— Supplied data —
Lemma theta_term_split tau m1 m2 : 0 < Im tau ->
  theta_term tau m1 m2 = Cplus (Cplus (theta_sign_part tau (m1, m2)) (theta_gamma_part tau (m1, m2)))
                               (theta_gamma_part tau (zreflect (m1, m2))).
Proof.
  intros Hv. set (m := (m1, m2)). set (n := (IZR m1 + fst avec, IZR m2 + snd avec)).
  unfold theta_term. rewrite theta_phase. fold n.
  replace (- Qf Defs.c1) with 6 by (unfold Qf, Defs.c1; cbn [fst snd]; ring).
  replace (- Qf Defs.c2) with 6 by (unfold Qf, Defs.c2; cbn [fst snd]; ring).
  replace (Bf Defs.c1 n) with (6 * cone_lin m)
    by (unfold m, n, Bf, Qf, Defs.c1, avec, cone_lin; cbn [fst snd]; field).
  replace (Bf Defs.c2 n) with (6 * - cone_lin (zreflect m))
    by (unfold m, n, Bf, Qf, Defs.c2, avec, cone_lin, zreflect; cbn [fst snd]; rewrite opp_IZR; field).
  rewrite !six_mult_div_sqrt6, Ropp_mult_distr_l_reverse, Efun_opp by lra.
  rewrite !Efun_mult_sqrt by auto using cone_lin_neq_0.
  unfold theta_sign_part, theta_gamma_part. rewrite theta_weight_zreflect.
  replace (Qf n) with (3 * (IZR m1 + 1 / 3) ^ 2 - IZR m2 ^ 2) by (unfold n, Qf, avec; cbn [fst snd]; ring).
  unfold theta_weight, m; cbn [fst snd]. rewrite RtoC_minus, RtoC_opp, !RtoC_plus. ring.
Qed.

(** * The gamma parts and [H^-] *)

Definition gamma_const : C := Cmult (RtoC (- / sqrt PI)) zeta6.

(* [(n, r) |-> (n - r, n - 3 r - e)] is a bijection from the index set of [H^-] (with [eps = e])
   onto the points with [m1 - m2 = e (mod 2)]; it sends [2 r + e + 1/3] to [cone_lin]. *)
Definition hminus_to_theta (e : Z) (u : Z * Z) : Z * Z := (fst u - snd u, fst u - 3 * snd u - e)%Z.

Definition theta_to_hminus (e : Z) (m : Z * Z) : Z * Z :=
  (fst m + (fst m - snd m - e) / 2, (fst m - snd m - e) / 2)%Z.

Definition parity_class (e : Z) (m : Z * Z) : bool := Z.even (fst m - snd m - e).

Lemma theta_gamma_part_hminus tau e u :
  theta_gamma_part tau (hminus_to_theta e u)
  = Cmult (Cmult gamma_const (RtoC (alt e))) (Hminus_term tau (IZR e) (fst u) (snd u)).
Proof.
  destruct u as [n r]. unfold theta_gamma_part, theta_weight, hminus_to_theta, Hminus_term, gamma_coef, gamma_const.
  cbn [fst snd].
  replace (cone_lin (n - r, n - 3 * r - e)%Z) with (2 * IZR r + IZR e + 1 / 3)
    by (unfold cone_lin; cbn [fst snd]; rewrite !minus_IZR, !mult_IZR; simpl; ring).
  replace (n - r + (n - 3 * r - e))%Z with (e + 2 * (n - 2 * r - e))%Z by ring.
  rewrite alt_add_even.
  replace (3 * (IZR (n - r) + 1 / 3) ^ 2 - IZR (n - 3 * r - e) ^ 2)
    with (- 3 / 2 * (2 * IZR r + IZR e + 1 / 3) ^ 2 + 1 / 2 * (2 * IZR n + IZR e + 1) ^ 2)
    by (rewrite !minus_IZR, !mult_IZR; simpl; field).
  set (g := sgn (2 * IZR r + IZR e + 1 / 3) * inc_gamma (1 / 2) (6 * PI * (2 * IZR r + IZR e + 1 / 3) ^ 2 * Im tau)).
  replace (- g / sqrt PI) with (- / sqrt PI * g) by (pose proof sqrt_PI_pos; field; lra).
  rewrite RtoC_mult. ring.
Qed.

Lemma has_usum_theta_gamma_parity tau e s :
  has_usum (fun u => Hminus_term tau (IZR e) (fst u) (snd u)) s ->
  has_usum (fun m => if parity_class e m then theta_gamma_part tau m else RtoC 0)
           (Cmult (Cmult gamma_const (RtoC (alt e))) s).
Proof.
  intros Hs.
  assert (Hclass : forall u, parity_class e (hminus_to_theta e u) = true).
  { intros [n r]. unfold parity_class, hminus_to_theta; cbn [fst snd].
    replace (n - r - (n - 3 * r - e) - e)%Z with (2 * r)%Z by ring. apply Z.even_mul. }
  apply (has_usum_reindex _ (hminus_to_theta e) (theta_to_hminus e) (parity_class e)).
  - intros [n r]. unfold theta_to_hminus, hminus_to_theta; cbn [fst snd].
    replace (n - r - (n - 3 * r - e) - e)%Z with (r * 2)%Z by ring.
    rewrite Z.div_mul by lia. f_equal; ring.
  - intros [m1 m2] H. unfold parity_class in H. cbn [fst snd] in H.
    apply Z.even_spec in H as [k Hk]. unfold theta_to_hminus, hminus_to_theta; cbn [fst snd].
    rewrite Hk, Z.mul_comm, Z.div_mul by lia. f_equal; lia.
  - exact Hclass.
  - intros m H. rewrite H. reflexivity.
  - apply (has_usum_ext (fun u => Cmult (Cmult gamma_const (RtoC (alt e))) (Hminus_term tau (IZR e) (fst u) (snd u)))).
    + intros u. rewrite Hclass. symmetry. apply theta_gamma_part_hminus.
    + apply has_usum_scal, Hs.
Qed.

Lemma has_usum_theta_gamma_part tau s0 s1 :
  has_usum (fun u => Hminus_term tau 0 (fst u) (snd u)) s0 ->
  has_usum (fun u => Hminus_term tau 1 (fst u) (snd u)) s1 ->
  has_usum (theta_gamma_part tau) (Cmult gamma_const (Cminus s0 s1)).
Proof.
  intros H0 H1.
  apply (has_usum_ext (fun m => Cplus (if parity_class 0 m then theta_gamma_part tau m else RtoC 0)
                                       (if parity_class 1 m then theta_gamma_part tau m else RtoC 0))).
  { intros m. unfold parity_class.
    replace (fst m - snd m - 1)%Z with (Z.pred (fst m - snd m - 0)) by lia.
    rewrite Z.even_pred, <- Z.negb_even. destruct (Z.even (fst m - snd m - 0)); simpl; ring. }
  replace (Cmult gamma_const (Cminus s0 s1))
    with (Cplus (Cmult (Cmult gamma_const (RtoC (alt 0))) s0) (Cmult (Cmult gamma_const (RtoC (alt 1))) s1))
    by (unfold alt; simpl; replace (RtoC (-1)) with (Copp (RtoC 1)) by (unfold RtoC, Copp; f_equal; simpl; ring);
        ring).
  apply has_usum_plus; apply has_usum_theta_gamma_parity; assumption.
Qed.

Lemma has_usum_zreflect (F : Z * Z -> C) s : has_usum F s -> has_usum (fun m => F (zreflect m)) s.
Proof.
  assert (Hinv : forall m, zreflect (zreflect m) = m)
    by (intros [a b]; unfold zreflect; cbn [fst snd]; f_equal; lia).
  intros Hs. apply (has_usum_reindex _ zreflect zreflect (fun _ => true)); auto; try discriminate.
  apply (has_usum_ext F); [intros m; rewrite Hinv; reflexivity | exact Hs].
Qed.

(** * The sign part and [H(q)] *)

Definition cone_sign (m : Z * Z) : R :=
  if Z.leb (Z.abs (snd m)) (fst m) then 1 else if Z.leb (fst m) (- Z.abs (snd m) - 1) then -1 else 0.

Definition H_cone_term (tau : C) (m : Z * Z) : C :=
  Cmult (RtoC (cone_sign m * alt (fst m + snd m)))
        (qpow tau (3 * IZR (fst m) ^ 2 + 2 * IZR (fst m) - IZR (snd m) ^ 2)).

Lemma sgn_IZR_add_third k : sgn (IZR k + 1 / 3) = if Z.leb 0 k then 1 else -1.
Proof.
  destruct (Z.leb_spec 0 k) as [Hk | Hk].
  - apply sgn_pos. apply IZR_le in Hk. lra.
  - apply sgn_neg. assert (Hk' : (k <= -1)%Z) by lia. apply IZR_le in Hk'. lra.
Qed.

Lemma sgn_cone_lin_add m : sgn (cone_lin m) + sgn (cone_lin (zreflect m)) = 2 * cone_sign m.
Proof.
  destruct m as [m1 m2]. rewrite !cone_lin_IZR, !sgn_IZR_add_third.
  unfold cone_sign, zreflect; cbn [fst snd].
  destruct (Z.leb_spec 0 (m1 - m2)), (Z.leb_spec 0 (m1 - - m2)),
           (Z.leb_spec (Z.abs m2) m1), (Z.leb_spec m1 (- Z.abs m2 - 1)); lra || lia.
Qed.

— Assignment —
Write out, from the lines above, only those from the line with "rewrite Hk, Z.mul_comm, Z.div_mul" to the line with "intros H0 H1.", exactly as given, including the first and the last.

— Task answer —
    rewrite Hk, Z.mul_comm, Z.div_mul by lia. f_equal; lia.
  - exact Hclass.
  - intros m H. rewrite H. reflexivity.
  - apply (has_usum_ext (fun u => Cmult (Cmult gamma_const (RtoC (alt e))) (Hminus_term tau (IZR e) (fst u) (snd u)))).
    + intros u. rewrite Hclass. symmetry. apply theta_gamma_part_hminus.
    + apply has_usum_scal, Hs.
Qed.

Lemma has_usum_theta_gamma_part tau s0 s1 :
  has_usum (fun u => Hminus_term tau 0 (fst u) (snd u)) s0 ->
  has_usum (fun u => Hminus_term tau 1 (fst u) (snd u)) s1 ->
  has_usum (theta_gamma_part tau) (Cmult gamma_const (Cminus s0 s1)).
Proof.
  intros H0 H1.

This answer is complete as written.